I'm working on the API in my copious free time. In the first iteration, I wrote a bunch of classes with static factory methods, like Diamond.fromPointSideAngle(), but the factory names were getting quite unwieldy. I thought about API techniques that could make this easier to handle, and I've decided that for my second iteration, I'm going to use a fluid API - I'll implement a bunch of setter methods (e.g., setCenter), and each setter will return the object itself, which will make it easy for the developer to chain setters together: Circle c = new Circle().setCenter(x, y).setRadius(r);.

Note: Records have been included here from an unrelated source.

(* Let \(k\geq 1\). The assignment sending a \(k\)-relational \(\mathcal{P}\mathcal{P}\)-coalgebra \((A,(\eta_i)_{i=1}^k)\) to the \(k\)-relational F-hypergraph \((A,(H_{\eta_i})_{i=1}^k)\), where \(H_\eta=\{(v,U)\mid U\in\eta(v)\}\), and acting as the identity on underlying functions, determines a functor \(k\mathbf{Coalg}(\mathcal{P}\mathcal{P})\to k\mathbf{FHGraph}\) which is bijective on objects and faithful, but not full.
   Context: \(\mathcal{P}\) is the covariant powerset functor (\(\mathcal{P}(f)(U)=f(U)\)) and \(\mathcal{P}\mathcal{P}\) its composite with itself. A \(k\)-relational \(\mathcal{P}\mathcal{P}\)-coalgebra is a set \(A\) with functions \(\eta_1,\dots,\eta_k\colon A\to\mathcal{P}\mathcal{P}(A)\); a map \((A,(\eta_i))\to(A',(\eta'_i))\) in \(k\mathbf{Coalg}(\mathcal{P}\mathcal{P})\) is a function \(f\colon A\to A'\) with \(\eta'_i\circ f=\mathcal{P}\mathcal{P}(f)\circ\eta_i\) for all \(i\). An F-hypergraph is \((A,H)\) with \(H\subseteq A\times\mathcal{P}(A)\); a \(k\)-relational F-hypergraph is \((A,(H_i)_{i=1}^k)\) with each \((A,H_i)\) an F-hypergraph; a map in \(k\mathbf{FHGraph}\) is a function \(f\colon A\to A'\) with \((f(a),f(V))\in H'_i\) whenever \((a,V)\in H_i\), for all \(i\). *)

From mathcomp Require Import all_boot.
From mathcomp Require Import boolp classical_sets.
Set Implicit Arguments. Unset Strict Implicit. Unset Printing Implicit Defensive.
Local Open Scope classical_set_scope.

Definition Pmap (A B : Type) (f : A -> B) : set A -> set B := fun U => f @` U.
Definition PPmap (A B : Type) (f : A -> B) : set (set A) -> set (set B) :=
  Pmap (Pmap f).

Record kCoalg (k : nat) := KCoalg {
  ccar : Type;
  ceta : 'I_k -> ccar -> set (set ccar) }.
Arguments ccar {k}.
Arguments ceta {k} _ _ _.

Definition is_coalg_hom (k : nat) (C D : kCoalg k) (f : ccar C -> ccar D) : Prop :=
  forall i : 'I_k, ceta D i \o f = PPmap f \o ceta C i.

Record kFHGraph (k : nat) := KFHGraph {
  hcar : Type;
  hrel : 'I_k -> set (hcar * set hcar) }.
Arguments hcar {k}.
Arguments hrel {k} _ _.

Definition is_fhg_hom (k : nat) (G H : kFHGraph k) (f : hcar G -> hcar H) : Prop :=
  forall (i : 'I_k) (a : hcar G) (V : set (hcar G)),
    hrel G i (a, V) -> hrel H i (f a, f @` V).

Definition Hof (A : Type) (eta : A -> set (set A)) : set (A * set A) :=
  [set p | eta p.1 p.2].

Definition F_obj (k : nat) (C : kCoalg k) : kFHGraph k :=
  @KFHGraph k (ccar C) (fun i => Hof (ceta C i)).

Definition F_mor (k : nat) (C D : kCoalg k) (f : ccar C -> ccar D) :
  hcar (F_obj C) -> hcar (F_obj D) := f.

(* A coalgebra morphism f satisfies eta'(f a) = {f(U) | U in eta(a)}, so U in eta(a) gives
   f(U) in eta'(f a): F preserves morphisms, and it is the identity on maps, hence a faithful
   functor. A k-relational F-hypergraph is the same data as a k-relational PP-coalgebra
   (currying H_i into a map A -> PP(A)), so F is bijective on objects. It is not full
   because F-hypergraph morphisms only need to preserve edges, while coalgebra morphisms
   must also reflect them: on a one-point carrier, the identity is an F-hypergraph morphism
   from the edgeless structure to the complete one, but PP(f) maps the empty family to the
   empty family, so no coalgebra morphism exists between them. *)
From mathcomp Require Import all_boot.
From mathcomp Require Import boolp classical_sets.

Set Implicit Arguments.
Unset Strict Implicit.
Unset Printing Implicit Defensive.
Local Open Scope classical_set_scope.

Section Relational.

Variable k : nat.

Lemma coalg_hom_fhg_hom (C D : kCoalg k) (f : ccar C -> ccar D) :
  is_coalg_hom f -> is_fhg_hom (F_mor f).
Proof.
move=> homf i a V /= etaV.
rewrite /Hof /= /F_mor; have /= -> := congr1 (fun g => g a) (homf i).
by exists V.
Qed.

Definition coalg_of_fhgraph (G : kFHGraph k) : kCoalg k :=
  @KCoalg k (hcar G) (fun i a U => hrel G i (a, U)).

Lemma F_objK : cancel (@F_obj k) coalg_of_fhgraph.
Proof. by case. Qed.

Lemma coalg_of_fhgraphK : cancel coalg_of_fhgraph (@F_obj k).
Proof.
case=> A H; rewrite /F_obj /=; congr KFHGraph.
by apply/funext => i; apply/funext => -[].
Qed.

Lemma fhg_hom_to_complete (G H : kFHGraph k) (h : hcar G -> hcar H) :
  (forall i p, hrel H i p) -> is_fhg_hom h.
Proof. by move=> completeH i a V _; apply: completeH. Qed.

Lemma coalg_hom_empty (C D : kCoalg k) (f : ccar C -> ccar D) (i : 'I_k) (a : ccar C) :
  is_coalg_hom f -> ceta C i a = set0 -> ceta D i (f a) = set0.
Proof.
move=> homf eta_a0.
have /= -> := congr1 (fun g => g a) (homf i).
by rewrite eta_a0 /PPmap /Pmap image_set0.
Qed.

Definition point_coalg (U : set (set unit)) : kCoalg k :=
  @KCoalg k unit (fun _ _ => U).

Lemma no_coalg_hom_to_nonempty (U : set (set unit)) (i : 'I_k) (f : unit -> unit) :
  U !=set0 -> ~ is_coalg_hom (f : ccar (point_coalg set0) -> ccar (point_coalg U)).
Proof.
move=> [V UV] homf.
have U0 : U = set0 :=
  @coalg_hom_empty (point_coalg set0) (point_coalg U) f i tt homf erefl.
by rewrite U0 in UV.
Qed.

End Relational.

Theorem proposition3p14 (k : nat) (hk : 1 <= k) :
  (* F sends morphisms to morphisms *)
  (forall (C D : kCoalg k) (f : ccar C -> ccar D),
      is_coalg_hom f -> is_fhg_hom (F_mor f)) /\
  (* functoriality: identities and composites are preserved *)
  (forall C : kCoalg k, F_mor (@id (ccar C)) = @id (hcar (F_obj C))) /\
  (forall (C D E : kCoalg k) (f : ccar C -> ccar D) (g : ccar D -> ccar E),
      F_mor (g \o f) = F_mor g \o F_mor f) /\
  (* bijective on objects *)
  (forall C D : kCoalg k, F_obj C = F_obj D -> C = D) /\
  (forall G : kFHGraph k, exists C : kCoalg k, F_obj C = G) /\
  (* faithful *)
  (forall (C D : kCoalg k) (f g : ccar C -> ccar D),
      is_coalg_hom f -> is_coalg_hom g -> F_mor f = F_mor g -> f = g) /\
  (* not full *)
  (exists (C D : kCoalg k) (h : hcar (F_obj C) -> hcar (F_obj D)),
      is_fhg_hom h /\
      ~ (exists f : ccar C -> ccar D, is_coalg_hom f /\ F_mor f = h)).
Proof.
split; first exact: coalg_hom_fhg_hom.
split; first by [].
split; first by [].
split; first exact: can_inj (@F_objK k).
split; first by move=> G; exists (coalg_of_fhgraph G); apply: coalg_of_fhgraphK.
split; first by [].
exists (point_coalg k set0), (point_coalg k setT), id.
split; first exact: fhg_hom_to_complete.
move=> [f [homf _]].
by apply: (no_coalg_hom_to_nonempty (Ordinal hk) _ homf); exists set0.
Qed.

The downside of the fluent API is that the developer can create an object that is not well-formed. For example, one can create a circle with a center but no radius, and there is no compile-time way to catch that. On the other hand, the fluid API will allow developers to use combinations of points, edges, and angles that would be too difficult to plan for in factory methods (for example, creating a triangle with a collection of vertices, or various combinations of sides and angles, a center point with distances to the vertices, and so on).

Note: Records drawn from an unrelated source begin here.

Lemma unimodular_family_solve (R : realFieldType) N (vs : seq ('I_N -> int)) :
  unimodular_family R vs -> forall e : 'I_(size vs) -> int,
  exists z : 'I_N -> int,
    forall j : 'I_(size vs), \sum_i nth (fun=> 0) vs j i * z i = e j.
Proof.
case=> vs_free vs_sat e.
pose M : 'M[int]_(size vs, N) := \matrix_(j, i) nth (fun=> 0) vs j i.
have [Z MZ] : exists Z : 'M[int]_(N, size vs), M *m Z = 1%:M.
  apply: (int_mx_right_inverse (R := R)) => [a aM0 | x a xa].
    apply/rowP => j; rewrite mxE; apply: (vs_free (a 0)) => i.
    have /matrixP/(_ 0 i) := aM0; rewrite !mxE => aM0i; rewrite -[RHS]aM0i.
    by apply: eq_bigr => l _; rewrite !mxE.
  have [b xb] : exists b : 'I_(size vs) -> int,
      forall i, x 0 i = \sum_j b j * nth (fun=> 0) vs j i.
    apply: (vs_sat _ (a 0)) => i; have /matrixP/(_ 0 i) := xa; rewrite !mxE => ->.
    by apply: eq_bigr => l _; rewrite !mxE.
  exists (\row_j b j); apply/rowP => i; rewrite !mxE xb.
  by apply: eq_bigr => l _; rewrite !mxE.
exists (fun i => (Z *m \col_j e j) i 0) => j.
have := congr1 (fun A : 'M[int]_(size vs, 1) => A j 0) (esym (mulmxA M Z (\col_j e j))).
rewrite MZ mul1mx !mxE => ->; apply: eq_bigr => l _; by rewrite !mxE.
Qed.

Section SmallPositive.
Variable R : realFieldType.

Lemma small_pos_mul_le (a b : R) : 0 < a ->
  exists2 e, 0 < e & forall t, 0 < t <= e -> t * b <= a.
Proof.
move=> a0; have b1 : 0 < `|b| + 1 by rewrite ltr_pwDr.
exists (a / (`|b| + 1)) => [|t /andP[t0 te]]; first exact: divr_gt0.
have := ler_norm b; have := normr_ge0 b.
move: te; rewrite ler_pdivlMr // => te; nra.
Qed.

Lemma small_pos_all (T : eqType) (s : seq T) (P : T -> R -> Prop) :
  (forall w, w \in s -> exists2 e, 0 < e & forall t, 0 < t <= e -> P w t) ->
  exists2 e, 0 < e & forall t, 0 < t <= e -> forall w, w \in s -> P w t.
Proof.
elim: s => [|w s IHs] Ps; first by exists 1.
have [e1 e1_gt0 Pw] := Ps w (mem_head w s).
have [|e2 e2_gt0 Ps'] := IHs; first by move=> w' w's; apply: Ps; rewrite inE w's orbT.
exists (Num.min e1 e2) => [|t /andP[t0]]; first by rewrite lt_min e1_gt0.
rewrite le_min => /andP[te1 te2] w'; rewrite inE => /predU1P[->|].
  by apply: Pw; rewrite t0.
by apply: Ps'; rewrite t0.
Qed.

One of my goals is to produce an API with which developers can create complicated shapes, tesselations, and pictures, with a minimal exposure to math and trigonometry. For example, suppose I wanted to draw a pentagon, with equilateral triangles off each side. In today's graphic APIs, this would require a fair amount of math. In my API, it would be as simple as:

List<Shape> allShapes = new List<Shape>();
Polygon pentagon = new Polygon().setSides(5).setCenter(x, y).setCenterToVertex(10);
// Could also have setCenterToSide()
allShapes.add(pentagon);
Line[] lines = pentagon.getSides();
for (Line line : lines) {
    Triangle triangle = new Triangle().setEquilateral().setBase(line);
    allShapes.add(triangle);
}
Geometry.drawShapes(Graphics g, allShapes);
            

The examples below use the first iteration of the API, which I didn't complete before I had my ideas for the fluid API.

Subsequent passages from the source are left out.